C’est précisément ce rôle d’arrière-base que la résistance iranienne met en lumière. Après l’avertissement clair d’un responsable des forces armées iraniennes appelant à l’évacuation des aéroports de Dubaï et d’Abou Dhabi ainsi que des ports de Fujairah et Jebel Ali en cas d’aggravation du conflit, l’attention se porte sur la vulnérabilité stratégique de ces quatre sites. Une perturbation majeure de ces infrastructures ne serait pas seulement un coup économique contre les Émirats, mais un affaiblissement direct du dispositif militaire et logistique américain dans le Golfe.
Les quatre piliers de la logistique impérialiste
1. Port de Jebel Ali (Dubaï)
Premier port du Moyen-Orient, véritable porte d’entrée et de sortie pour des centaines de milliers de conteneurs. Il sert de hub logistique central pour le ravitaillement et la projection de forces occidentales dans la région.
2. Port de Fujairah
Situé sur la mer d’Oman, il contourne le détroit d’Ormuz via un oléoduc depuis Abou Dhabi. Ce site stratégique permet d’exporter le pétrole émirien tout en servant de base arrière pour les opérations militaires américaines, réduisant la dépendance aux voies les plus exposées.
3. Aéroport international de Dubaï (DXB)
L’un des plus grands hubs aériens mondiaux (92,3 millions de passagers et 2,2 millions de tonnes de fret en 2024). Il connecte l’Asie, l’Europe et l’Afrique et constitue un maillon essentiel pour le transport rapide de troupes, de matériel et de marchandises stratégiques.
4. Aéroport international Zayed (Abou Dhabi)

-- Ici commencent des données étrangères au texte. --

(* Let $\lambda\ge\omega_3$ be a cardinal and let $F:[\lambda]^2\to\omega_1$ be an $\omega_1$-strongly unbounded function on $\lambda$. Then the forcing poset $\mathcal P=\langle P,\le\rangle$ defined in the context (using this $F$) satisfies the countable chain condition.
   Context: A function $F:[\lambda]^2\to\omega_1$ is $\omega_1$-strongly unbounded on $\lambda$ if for every ordinal $\delta<\omega_1$, every finite cardinal $\nu<\omega$ and every family $A\subseteq[\lambda]^\nu$ of pairwise disjoint sets with $|A|=\omega_1$, there are distinct $a,b\in A$ such that $F\{\alpha,\beta\}>\delta$ for all $\alpha\in a$, $\beta\in b$. For $s=\langle\alpha,\zeta\rangle$ write $\pi(s)=\alpha$, $\rho(s)=\zeta$. Let $T=(\omega_1\times\omega)\cup(\{\omega_1,\omega_1+1\}\times\lambda)$, with $T_\alpha=\{\alpha\}\times\omega$ for $\alpha<\omega_1$, $T_{\omega_1}=\{\omega_1\}\times\lambda$, $T_{\omega_1+1}=\{\omega_1+1\}\times\lambda$, and $t_\xi=\langle\omega_1+1,\xi\rangle$ for $\xi<\lambda$. Let $\mathbb B=\{S\}\cup\lambda$ (where $S$ is a new symbol), $\mathbb B_S=\omega_1\times\omega$ and $\mathbb B_\zeta=\{\omega_1\}\times[\omega\cdot\zeta,\omega\cdot\zeta+\omega)\cup\{t_\zeta\}$ for $\zeta<\lambda$; these partition $T$, and $\pi_B:T\to\mathbb B$ is defined by $x\in\mathbb B_{\pi_B(x)}$. $P$ consists of all triples $p=\langle X,\preceq,i\rangle$ such that: (P1) $X\in[T]^{<\omega}$; (P2) $\preceq$ is a partial order on $X$ such that $x\prec y$ implies $\pi(x)<\pi(y)$; (P3) if $X\cap\mathbb B_\zeta\ne\emptyset$ for some $\zeta<\lambda$, then $t_\zeta\in X$; (P4) if $x\in X\cap T_{\omega_1}\cap\mathbb B_\zeta$ for $\zeta<\lambda$, then $x\prec t_\zeta$ and $x\not\prec t_\xi$ for all $\xi\ne\zeta$ (with $t_\xi\in X$); (P5) if $s\neq t$ lie in the same $\mathbb B_b$ ($b\in\mathbb B$) with $\pi(s)=\pi(t)$, then $i\{s,t\}=\emptyset$; (P6) if $t\in X\cap T_{\alpha+1}$ for some $\alpha\le\omega_1$ and $s\prec t$, then there is $v\in X\cap T_\alpha$ with $s\preceq v\prec t$; (P7) $i:[X]^2\to[X]^{<\omega}$ satisfies $i\{x,y\}=\{x\}$ whenever $x\prec y$, and whenever $x,y\in X$ are $\preceq$-incomparable: (a) for all $u\in X$, ($u\preceq x$ and $u\preceq y$) iff $u\preceq v$ for some $v\in i\{x,y\}$; (b) if $x,y\in T_{\omega_1}\cup T_{\omega_1+1}$ and $\pi_B(x)\ne\pi_B(y)$, then $\pi[i\{x,y\}]\subseteq F\{\pi_B(x),\pi_B(y)\}$ (the ordinal $F\{\cdot,\cdot\}<\omega_1$ viewed as the set of smaller ordinals). Order: $\langle X',\preceq',i'\rangle\le\langle X,\preceq,i\rangle$ iff $X\subseteq X'$, $\preceq=\preceq'\cap(X\times X)$, and $i\subseteq i'$. *)

From Stdlib Require Import List.
Import ListNotations.
Set Implicit Arguments.
Lemma weighted_sum_cons x s : weighted_sum (x :: s) = x + weighted_sum s + sumn s.
Proof.
rewrite /weighted_sum /= big_ord_recl /= mul1n -addnA; congr (_ + _).
rewrite sumnE (big_nth 0) big_mkord -big_split /=; apply: eq_bigr => i _.
by rewrite /bump /= add1n mulSn addnC.
Qed.

Local Open Scope ring_scope.

Definition young_gf h B m : {poly int} :=
  \sum_(Y <- bseqs h B | young Y && (ncols Y <= m)%N) 'X^(ysize Y).

Lemma young_gf0 B m : young_gf 0 B m = 1.
Proof. by rewrite /young_gf /= big_cons big_nil /= addr0 expr0. Qed.

Lemma young_gfS h B m : young_gf h.+1 B m =
  1 + \sum_(x < B.+1 | (0 < x <= m)%N) 'X^x * young_gf h B x.
Proof.
rewrite /young_gf big_mkcond big_bseqsS /= expr0; congr (_ + _).
rewrite [RHS]big_mkcond; apply: eq_bigr => x _ /=; rewrite mulr_sumr.
case: (boolP (0 < x <= m)%N) => [/andP[x_gt0 xm] | Hx].
  rewrite [RHS]big_mkcond; apply: eq_bigr => s _.
  by rewrite young_cons x_gt0 xm andbT /= andbC exprD.
rewrite big1 // => s _; rewrite young_cons /=.
by case: (0 < x)%N Hx => //= /negbTE ->; rewrite andbF.
Qed.

Lemma sum_narrow_pos (R : nmodType) (f : nat -> R) m B : (m <= B)%N ->
  \sum_(x < B.+1 | (0 < x <= m)%N) f x = \sum_(x < m.+1 | (0 < x)%N) f x.
Proof.
move=> mB; have mB1 : (m.+1 <= B.+1)%N by [].
by rewrite (big_ord_narrow_cond (P := fun x : 'I_B.+1 => (0 < x)%N) mB1).
Qed.

Lemma young_gf_widen h B m : (m <= B)%N -> young_gf h B m = young_gf h m m.
Proof.
elim: h B m => [|h IHh] B m mB; first by rewrite !young_gf0.
rewrite !young_gfS (sum_narrow_pos (fun x => 'X^x * young_gf h B x)) //.
rewrite (sum_narrow_pos (fun x => 'X^x * young_gf h m x)) //.
congr (_ + _); apply: eq_bigr => x _.
have xm : (x <= m)%N by rewrite -ltnS.
by rewrite IHh ?(leq_trans xm) // [in RHS]IHh.
Qed.

Lemma coef_young_gf_succ_rows n h B m : (n <= h)%N ->
  (young_gf h.+1 B m)`_n = (young_gf h B m)`_n.
Proof.
elim: h n m => [|h IHh] n m nh.
  move: nh; rewrite leqn0 => /eqP ->.
  rewrite young_gfS !young_gf0 coefD coef_sum big1 ?addr0 // => x /andP[x_gt0 _].
  by rewrite coefXnM x_gt0.
rewrite young_gfS [in RHS]young_gfS !coefD !coef_sum; congr (_ + _).
apply: eq_bigr => x /andP[x_gt0 _]; rewrite !coefXnM; case: ltnP => // xn.
by rewrite IHh //; lia.
Qed.

Lemma coef_young_gf_succ_parts n h B m : (n <= B)%N ->
  (young_gf h B.+1 m)`_n = (young_gf h B m)`_n.
Proof.
elim: h n m => [|h IHh] n m nB; first by rewrite !young_gf0.
rewrite !young_gfS !coefD; congr (_ + _).
case: (leqP m B) => mB.
  rewrite (sum_narrow_pos (fun x => 'X^x * young_gf h B.+1 x)) ?(leqW mB) //.
  rewrite (sum_narrow_pos (fun x => 'X^x * young_gf h B x)) // !coef_sum.
  apply: eq_bigr => x _.
  by rewrite !coefXnM; case: ltnP => // xn; rewrite IHh //; lia.
rewrite [in LHS]big_mkcond big_ord_recr /= mB coefD [X in _ + X]coefXnM.
rewrite ifT; last by lia.
rewrite addr0 [in RHS]big_mkcond !coef_sum; apply: eq_bigr => x _ /=.
case: ifP => _; last by rewrite !coef0.
by rewrite !coefXnM; case: ltnP => // xn; rewrite IHh //; lia.
Qed.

Hub principal d’Etihad, avec 29,4 millions de passagers en 2024. Il renforce le positionnement des Émirats comme base arrière stable pour les opérations impérialistes et le contrôle des flux régionaux.
Ces quatre infrastructures ne sont pas indépendantes : elles forment un système intégré au service d’une économie de guerre et de domination. Les marchandises et le matériel militaire transitent par Jebel Ali, sont gérés dans les zones franches, puis redistribués via les aéroports ou Fujairah. C’est cette chaîne qui permet aux États-Unis et à leurs alliés de maintenir leur présence agressive dans la région.
Une économie au service de l’impérialisme
Derrière le discours de « diversification », les Émirats restent un pilier de l’ordre américain : bases militaires, normalisation avec Israël, soutien logistique aux agressions contre l’axe de la résistance. Leur commerce extérieur non pétrolier dépasse 800 milliards de dollars, mais cette « réussite » repose largement sur leur rôle de hub au service des intérêts occidentaux.
Les conséquences d’une mise hors service simultanée
Une action ciblée sur ces quatre sites provoquerait :
- Un choc majeur sur le commerce maritime et le ravitaillement des forces américaines.
- Une perturbation des flux énergétiques et des lignes d’approvisionnement impérialistes.
- Un effondrement temporaire du transport aérien militaire et civil dans la région.
- Une atteinte symbolique et concrète à l’image de « forteresse imprenable » construite par les monarchies du Golfe au service de Washington.
Face à l’escalade américaine et israélienne, la résistance iranienne rappelle une réalité géopolitique simple : tant que les Émirats et d’autres régimes collaborateurs servent de bases arrière à l’impérialisme, ils resteront des cibles légitimes. Les frappes récentes sur des bases américaines en Jordanie, qui ont notamment détruit plusieurs aéronefs (F-15 et hélicoptères selon des sources concordantes), montrent que l’Iran dispose des moyens de frapper loin et fort.
La résistance ne fait que répondre à l’agression. En menaçant le cœur logistique des Émirats, elle vise non pas le peuple, mais le rôle actif de ces monarchies dans la guerre impérialiste contre l’axe de la résistance. C’est une question de souveraineté et de légitime défense face à un empire qui tente, une fois de plus, d’imposer son hégémonie par la force.